# WHAT THE EXERCISE ASKS:
Return only the number of lines in the records below where the string "under" shows up.

# Dataset items:
(* A row [v] with [v *m E^T = 0] for the edge matrix [E] yields the kernel
   vector [(- sum v, v)] of [P], which is proportional to [W] and has zero
   coordinate sum, hence vanishes. *)
Lemma edge_matrix_unit :
  \matrix_(i < d, j < d) (vtx P (lift ord0 j) i 0 - vtx P ord0 i 0) \in unitmx.
Proof.
rewrite unitmxE unitfE -det_tr; apply/negP => /det0P [v v0 vE].
pose lam j := if unlift ord0 j is Some j' then v 0 j' else - \sum_i v 0 i.
have lam0 : lam ord0 = - \sum_i v 0 i by rewrite /lam unlift_none.
have lamS (j : 'I_d) : lam (lift ord0 j) = v 0 j by rewrite /lam liftK.
have P_lam i : \sum_j lam j * (P i j)%:~R = 0.
  have := congr1 (fun M : 'rV[rat]_d => M 0 i) vE; rewrite !mxE => vEi.
  apply: eq_trans vEi; rewrite big_ord_recl lam0.
  rewrite [X in _ + X](eq_bigr (fun j => v 0 j * (P i (lift ord0 j))%:~R)); last first.
    by move=> j _; rewrite lamS.
  under [in RHS]eq_bigr do rewrite !mxE mulrBr.
  by rewrite sumrB -mulr_suml mulNr addrC.
have lamW := kernel_proportional P_lam.
have : (\sum_j lam j) * W ord_max = lam ord_max * \sum_j W j.
  by rewrite mulr_suml mulr_sumr; apply: eq_bigr => j _; exact: lamW.
rewrite big_ord_recl lam0 (eq_bigr _ (fun j _ => lamS j)) addNr mul0r.
move/esym/eqP; rewrite mulf_eq0 (gt_eqF sum_W_gt0) orbF => /eqP lam_max.
apply: (negP v0); apply/eqP/matrixP => i j; rewrite (ord1 i) mxE -lamS.
have := lamW (lift ord0 j); rewrite lam_max mul0r => /eqP.
by rewrite mulf_eq0 (gt_eqF (W_gt0 _)) orbF => /eqP.
Qed.

Lemma IP_simplex_of_kernel : IP_simplex P.
Proof.
split; first exact: mxrank_unit edge_matrix_unit.
exists (fun j => W j / \sum_j W j); split; [|split].
- by move=> j; rewrite divr_gt0 ?sum_W_gt0.
- by rewrite -mulr_suml divff // gt_eqF ?sum_W_gt0.
- move=> i; under eq_bigr do rewrite !mxE mulrAC.
  by rewrite -mulr_suml P_W mul0r.
Qed.

End KernelLine.

Lemma size_useq d a alpha k n : size (useq d a alpha k n) = n.
Proof. by elim: n => //= n IH; rewrite size_rcons IH. Qed.

Lemma nth_useq_addn d a alpha k m p i : (i < m)%N ->
  nth 0 (useq d a alpha k (p + m)) i = nth 0 (useq d a alpha k m) i.
Proof. by move=> lt_im; elim: p => //= p IH; rewrite nth_rcons size_useq ltn_addl. Qed.

Lemma nth_useq d a alpha k j n : (j < n)%N ->
  nth 0 (useq d a alpha k n) j = ustep d a alpha k j.+1 (useq d a alpha k j).
Proof.
move=> lt_jn; rewrite -(subnK lt_jn) nth_useq_addn //=.
by rewrite nth_rcons size_useq ltnn eqxx.
Qed.

Section TriangularP.

Variables (d : nat) (a : nat -> nat -> int) (b : nat -> int) (alpha : nat -> nat).
Hypothesis alpha_gt0 : forall i, (i <= d)%N -> (0 < alpha i)%N.
Hypothesis a_triu : forall i k, (1 <= k)%N -> (k < i)%N -> (i <= d)%N -> a i k = 0.
Hypothesis a_diag : forall k, (1 <= k <= d)%N -> 1 <= a k k.
Hypothesis b_rel : forall k, (1 <= k <= d)%N ->
  b k * (wt d alpha d)%:Z = \sum_(k <= l < d.+1) a k l * (wt d alpha l.-1)%:Z.

Let P := Pmat d a b.
Let W (j : 'I_d.+1) : rat := (wt d alpha j)%:R.

Lemma a_diag_neq0 (j : 'I_d) : ((a j.+1 j.+1)%:~R : rat) != 0.
Proof. by rewrite intr_eq0 gt_eqF // (lt_le_trans ltr01) // a_diag //= ltn_ord. Qed.

Lemma lead_block_Pmat i j : lead_block P i j = (a i.+1 j.+1)%:~R.
Proof. by rewrite !mxE /= ltn_ord. Qed.

Lemma lead_block_Pmat_unit : lead_block P \in unitmx.
Proof.
rewrite unitmxE unitfE -det_tr det_trig.
  by apply/prodf_neq0 => i _; rewrite mxE lead_block_Pmat a_diag_neq0.
apply/is_trig_mxP => i j lt_ij.
by rewrite mxE lead_block_Pmat a_triu ?ltn_ord.
Qed.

# TASK RESPONSE:
2